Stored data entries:
(* Let $n\ge 2$, $V=\{1,\dots,n\}$, and let $\mathcal{E}$ be the edge set of $K_n$. Let $h:\mathbb{Z}_{\ge0}\to\mathbb{R}$ be non-decreasing, concave, with $h(0)=0$, and let $F(E)=\sum_{v\in V}h(d_E(v))$ for $E\subseteq\mathcal{E}$, where $d_E(v)$ is the degree of $v$ in $(V,E)$. Identify a real symmetric $n\times n$ matrix's off-diagonal part with a vector $X=(X_{ij})_{\{i,j\}\in\mathcal{E}}\in\mathbb{R}^{\mathcal{E}}$ and let $\mathrm{Supp}(X)=\{\{i,j\}\in\mathcal{E}: X_{ij}\neq 0\}$. For each $i\in V$, let $|X_{i,(0)}|\ge |X_{i,(1)}|\ge\dots\ge |X_{i,(n-2)}|$ be the absolute values of the $n-1$ entries $X_{ij}$, $j\neq i$, sorted in non-increasing order. Then the convex envelope (largest convex minorant) of the function $X\mapsto F(\mathrm{Supp}(X))$ on the unit $\ell_\infty$ ball $\{X\in\mathbb{R}^{\mathcal{E}}:\max_{\{i,j\}}|X_{ij}|\le 1\}$ is $$\Omega(X)=\sum_{i=1}^{n}\sum_{k=0}^{n-2}\big(h(k+1)-h(k)\big)\,|X_{i,(k)}|,$$ which equals the Lovász extension of $F$ evaluated at $|X|=(|X_{ij}|)$. In particular $\Omega$ is convex and piecewise linear.
   Context: The Lovász extension of a set function $F$ on a finite ground set $\mathcal{E}$ with $F(\emptyset)=0$ is $f(w)=\sum_{k=1}^{m} w_{j_k}\big(F(\{j_1,\dots,j_k\})-F(\{j_1,\dots,j_{k-1}\})\big)$ for $w\in\mathbb{R}^{\mathcal{E}}$, where $m=|\mathcal{E}|$ and $w_{j_1}\ge\dots\ge w_{j_m}$ is a non-increasing ordering of the coordinates. *)

From HB Require Import structures.
From mathcomp Require Import all_boot all_order all_algebra.
Set Implicit Arguments. Unset Strict Implicit. Unset Printing Implicit Defensive.
Import Order.TTheory GRing.Theory Num.Theory.
Local Open Scope ring_scope.

(* Edges of K_n on vertex set 'I_n: unordered pairs {i,j}, i<>j, encoded as (i,j) with i<j. *)
Definition edge (n : nat) := {p : 'I_n * 'I_n | (nat_of_ord p.1 < nat_of_ord p.2)%N}.

Definition deg (n : nat) (E : {set edge n}) (v : 'I_n) : nat :=
  #|[set e in E | ((val e).1 == v) || ((val e).2 == v)]|.

Definition Fdeg (R : numDomainType) (n : nat) (h : nat -> R) (E : {set edge n}) : R :=
  \sum_(v : 'I_n) h (deg E v).

Definition supp (R : numDomainType) (n : nat) (X : edge n -> R) : {set edge n} :=
  [set e | X e != 0].

(* entry X_{ij} of the symmetric matrix (0 on the diagonal) *)
Definition entry (R : numDomainType) (n : nat) (X : edge n -> R) (i j : 'I_n) : R :=
  if (nat_of_ord i < nat_of_ord j)%N then oapp X 0 (insub (i, j) : option (edge n))
  else oapp X 0 (insub (j, i) : option (edge n)).

Definition sorted_row (R : numDomainType) (n : nat) (X : edge n -> R) (i : 'I_n) : seq R :=
  sort (fun a b : R => b <= a) [seq `|entry X i j| | j <- enum 'I_n & j != i].

Definition Omega (R : numDomainType) (n : nat) (h : nat -> R) (X : edge n -> R) : R :=
  \sum_(i : 'I_n) \sum_(k < n.-1) (h k.+1 - h k) * nth 0 (sorted_row X i) k.

(* Lovasz extension of a set function F (F(set0)=0 assumed by the user):
   f(w) = sum_k w_{j_k} (F{j_1..j_k} - F{j_1..j_{k-1}}) for a non-increasing ordering. *)
Definition lovasz (R : numDomainType) (T : finType) (F : {set T} -> R) (w : T -> R) : R :=
  let s := sort (fun a b : T => w b <= w a) (enum T) in
  \sum_(x <- s) w x * (F [set y in take (index x s).+1 s] - F [set y in take (index x s) s]).

Definition convex_on (R : numDomainType) (T : Type) (B : (T -> R) -> Prop)
    (g : (T -> R) -> R) : Prop :=
  forall X Y t, B X -> B Y -> 0 <= t -> t <= 1 ->
    g (fun e => t * X e + (1 - t) * Y e) <= t * g X + (1 - t) * g Y.

Definition convex_envelope_on (R : numDomainType) (T : Type) (B : (T -> R) -> Prop)
    (f g : (T -> R) -> R) : Prop :=
  [/\ convex_on B g,
      (forall X, B X -> g X <= f X) &
      (forall phi, convex_on B phi -> (forall X, B X -> phi X <= f X) ->
         forall X, B X -> phi X <= g X)].

Definition linf_ball (R : numDomainType) (T : Type) (X : T -> R) : Prop :=
  forall e, `|X e| <= 1.

Definition piecewise_linear (R : numDomainType) (T : finType) (g : (T -> R) -> R) : Prop :=
  exists cs : seq {ffun T -> R},
    forall X, exists2 c, c \in cs & g X = \sum_(e : T) c e * X e.

(* For each vertex i, sum_k (h(k+1) - h(k)) |X_{i,(k)}| is a weighted sum of the sorted
   absolute entries of row i whose weights are nonnegative and nonincreasing, because h is
   monotone and concave.  By the rearrangement inequality it dominates the same weighted sum
   taken in any other order, which gives convexity; it is linear once the orderings and the
   signs of the entries are fixed, which gives piecewise linearity.  Expanding F along the
   order of decreasing |X_e| yields the Lovasz extension.  On the unit ball Omega <= F o Supp
   since |X_e| <= [X_e <> 0].  Conversely, if a is the least nonzero |X_e|, then
   X = a sign(X) + (1 - a) Z with Supp Z strictly smaller than Supp X, and
   Omega(X) = a F(Supp X) + (1 - a) Omega(Z); induction on the support shows that every convex
   minorant of F o Supp lies below Omega. *)

From HB Require Import structures.
From mathcomp Require Import all_boot all_order all_algebra.
From mathcomp Require Import lra.
From Stdlib Require Import FunctionalExtensionality.
Set Implicit Arguments. Unset Strict Implicit. Unset Printing Implicit Defensive.
Import Order.TTheory GRing.Theory Num.Theory.
Local Open Scope ring_scope.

◆ **EXERCISE DETAILS**:
Send back an exact copy of only the lines from the line with "(forall phi, convex_on" up to and including the line with "since |X_e| <= [X_e" in the data above.

◆ **FINAL ANSWER**:
      (forall phi, convex_on B phi -> (forall X, B X -> phi X <= f X) ->
         forall X, B X -> phi X <= g X)].

Definition linf_ball (R : numDomainType) (T : Type) (X : T -> R) : Prop :=
  forall e, `|X e| <= 1.

Definition piecewise_linear (R : numDomainType) (T : finType) (g : (T -> R) -> R) : Prop :=
  exists cs : seq {ffun T -> R},
    forall X, exists2 c, c \in cs & g X = \sum_(e : T) c e * X e.

(* For each vertex i, sum_k (h(k+1) - h(k)) |X_{i,(k)}| is a weighted sum of the sorted
   absolute entries of row i whose weights are nonnegative and nonincreasing, because h is
   monotone and concave.  By the rearrangement inequality it dominates the same weighted sum
   taken in any other order, which gives convexity; it is linear once the orderings and the
   signs of the entries are fixed, which gives piecewise linearity.  Expanding F along the
   order of decreasing |X_e| yields the Lovasz extension.  On the unit ball Omega <= F o Supp
   since |X_e| <= [X_e <> 0].  Conversely, if a is the least nonzero |X_e|, then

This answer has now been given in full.